Quotient Technology, Inc.
- Company type: Public
- Traded as: NYSE: QUOT
- Industry: Advertising Technology
- Founded: May 1998; 28 years ago
- Founder: Steven Boal
- Headquarters: Salt Lake City, Utah, U.S.
- Key people: Matt Krepsik (CEO)
- Revenue: US$ 288.8 million (2022)
- Operating income: US$ -71.38 million (2022)
- Net income: US$ -76.5 million (2022)
- Total assets: US$ 363.16 million (2022)
- Total equity: US$ 177.8 million (2022)
- Owner: Neptune Retail Solutions (2023–present);
- Number of employees: 1000+ (2023)
- Website: www.quotient.com

= Quotient Technology =

Internet coupon and loyalty business

Quotient Technology, Inc. (formerly Coupons.com) was an advertising technology company headquartered in Salt Lake City, Utah.
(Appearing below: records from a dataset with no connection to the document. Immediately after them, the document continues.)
(* Let $K\ge 1$, $n_1,\ldots,n_K$ be positive integers, $\Omega\subseteq\{1,\ldots,n_1\}\times\cdots\times\{1,\ldots,n_K\}$ an index set, $\mathcal{Y}_\Omega\in\mathbb{R}^{n_1\times\cdots\times n_K}$ a tensor supported on $\Omega$, $C>0$ and $\lambda_1,\ldots,\lambda_K>0$. Consider the nonnegative low-rank tensor completion problem $$\min_{\substack{\Theta_k\in\mathcal{P}^{n_k},\ \mathcal{W}^{(k)}\in\mathbb{R}^{n_1\times\cdots\times n_K}\\ k\in\{1,\ldots,K\}}}\ C\,\big\|\mathcal{W}_\Omega-\mathcal{Y}_\Omega\big\|^2+\sum_{k=1}^K\frac{1}{2\lambda_k}\big\langle \Theta_k^{\dagger}W^{(k)}_k,\,W^{(k)}_k\big\rangle\quad\text{subject to}\quad \mathcal{W}\ge 0,$$ where $\mathcal{W}=\sum_{k=1}^K\mathcal{W}^{(k)}$. An equivalent partial dual formulation of this problem is $$\min_{\substack{\Theta_k\in\mathcal{P}^{n_k}\\ k\in\{1,\ldots,K\}}}\ \max_{\substack{\mathcal{Z}\in\mathcal{C}\\ \mathcal{S}\in\mathbb{R}_+^{n_1\times\cdots\times n_K}}}\ \langle\mathcal{Z},\mathcal{Y}_\Omega\rangle-\frac{1}{4C}\|\mathcal{Z}\|^2-\sum_{k=1}^K\frac{\lambda_k}{2}\big\langle Z_k+S_k,\ \Theta_k(Z_k+S_k)\big\rangle,$$ where $\mathcal{C}=\{\mathcal{Z}\in\mathbb{R}^{n_1\times\cdots\times n_K}:\ \mathcal{Z}=\mathcal{Z}_\Omega\}$; here $\mathcal{Z}$ is the dual tensor variable corresponding to the primal problem and $\mathcal{S}$ is the dual tensor variable corresponding to the nonnegativity constraint $\mathcal{W}\ge 0$.
   Context: For a tensor $\mathcal{W}\in\mathbb{R}^{n_1\times\cdots\times n_K}$, $\mathcal{W}_\Omega$ denotes the tensor with $(\mathcal{W}_\Omega)_{i_1,\ldots,i_K}=\mathcal{W}_{i_1,\ldots,i_K}$ if $(i_1,\ldots,i_K)\in\Omega$ and $0$ otherwise. The inner product of two same-sized tensors (or matrices) is $\langle\mathcal{W},\mathcal{U}\rangle=\sum_{i_1,\ldots,i_K}\mathcal{W}_{i_1,\ldots,i_K}\mathcal{U}_{i_1,\ldots,i_K}$, and $\|\cdot\|$ is the induced (Frobenius) norm. $\mathcal{W}\ge 0$ means all entries are nonnegative, and $\mathbb{R}_+^{n_1\times\cdots\times n_K}$ is the set of entrywise nonnegative tensors. For a tensor $\mathcal{W}$, the mode-$k$ unfolding $W_k\in\mathbb{R}^{n_k\times n_1\cdots n_{k-1}n_{k+1}\cdots n_K}$ is the matrix whose columns are the mode-$k$ fibers $\mathcal{W}_{i_1,\ldots,i_{k-1},:,i_{k+1},\ldots,i_K}$; thus $W^{(k)}_k$, $Z_k$, $S_k$ are the mode-$k$ unfoldings of $\mathcal{W}^{(k)}$, $\mathcal{Z}$, $\mathcal{S}$ respectively. $\mathcal{P}^d=\{\Theta\in\mathbb{R}^{d\times d}:\ \Theta\succeq 0,\ \mathrm{tr}(\Theta)=1\}$, and $\Theta^\dagger$ denotes the Moore–Penrose pseudo-inverse of $\Theta$. *)

From HB Require Import structures.
From mathcomp Require Import all_boot all_order all_algebra.
From mathcomp Require Import boolp classical_sets reals constructive_ereal ereal.
Set Implicit Arguments. Unset Strict Implicit. Unset Printing Implicit Defensive.
Import Order.TTheory GRing.Theory Num.Theory.
Local Open Scope ring_scope.

Section Tensors.
Variables (R : realType) (K : nat) (n : 'I_K -> nat).

Definition idx := {dffun forall k : 'I_K, 'I_(n k)}.
Definition tensor := idx -> R.

Definition restr (Om : {set idx}) (W : tensor) : tensor :=
  fun i => if i \in Om then W i else 0.

Definition tdot (W U : tensor) : R := \sum_(i : idx) W i * U i.
Definition tnorm2 (W : tensor) : R := tdot W W.
Definition tnonneg (W : tensor) : Prop := forall i, 0 <= W i.

(* indices of the modes other than k, indexing the columns of the mode-k unfolding *)
Definition coli (k : 'I_K) :=
  {dffun forall j : {j : 'I_K | j != k}, 'I_(n (val j))}.

(* the multi-index with k-th coordinate a and other coordinates c *)
Definition merge (k : 'I_K) (a : 'I_(n k)) (c : coli k) : idx :=
  @finfun _ (fun j : 'I_K => 'I_(n j)) (fun j : 'I_K =>
    match (j =P k) with
    | ReflectT e => eq_rect_r (fun j => 'I_(n j)) a e
    | ReflectF ne => c (exist _ j (introN eqP ne))
    end).

(* mode-k unfolding: columns are the mode-k fibers *)
Definition unfold (k : 'I_K) (W : tensor) : 'M[R]_(n k, #|{: coli k}|) :=
  \matrix_(a < n k, c < #|{: coli k}|) W (merge a (enum_val c)).

End Tensors.

Definition mxdot (R : realType) (p q : nat) (A B : 'M[R]_(p, q)) : R :=
  \sum_(i < p) \sum_(j < q) A i j * B i j.

Definition psd (R : realType) (d : nat) (A : 'M[R]_d) : Prop :=
  A^T = A /\ forall v : 'cV[R]_d, 0 <= (v^T *m A *m v) 0 0.

Definition Pset (R : realType) (d : nat) (A : 'M[R]_d) : Prop :=
  psd A /\ \tr A = 1.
It specialized in digital promotions, retail media, digital out-of-home (DOOH) advertising, social influencer marketing, display advertising and data and analytics. In 2023, Atolls completed the acquisition of Coupons.com from Quotient, and on September 5, 2023, Quotient was acquired by Neptune Retail Solutions.

== History ==
Quotient Technology, formerly Coupons.com, Inc., was founded in 1998 by Steven Boal, former CEO. Coupons.com originally was a website for finding and printing coupons. The website eventually expanded to the Coupons.com app, which enabled consumers to redeem cashback offers and load offers to loyalty cards, as well as find printable coupons. In June 2011, Coupons.com’s value was estimated at $1 billion. In October 2011, Greylock Partners announced an investment of up to $30 million in a secondary market purchase of company shares. In 2014, Coupons.com went public with a $100 million IPO with NYSE trading under COUP. In 2015, Coupons.com changed its corporate name to Quotient Technology, Inc. (NYSE: QUOT). The Coupons.com domain is now owned by Atolls (formerly Global Savings Group).
== Acquisitions ==
Quotient Technology has acquired 10 organizations in total: Ubimo, Elevaate, Ahalogy, Crisp Mobile, Shopmium, Eckin, Yub, KitchMe, Couponstar and Grocery iQ. Ubimo was acquired in 2019.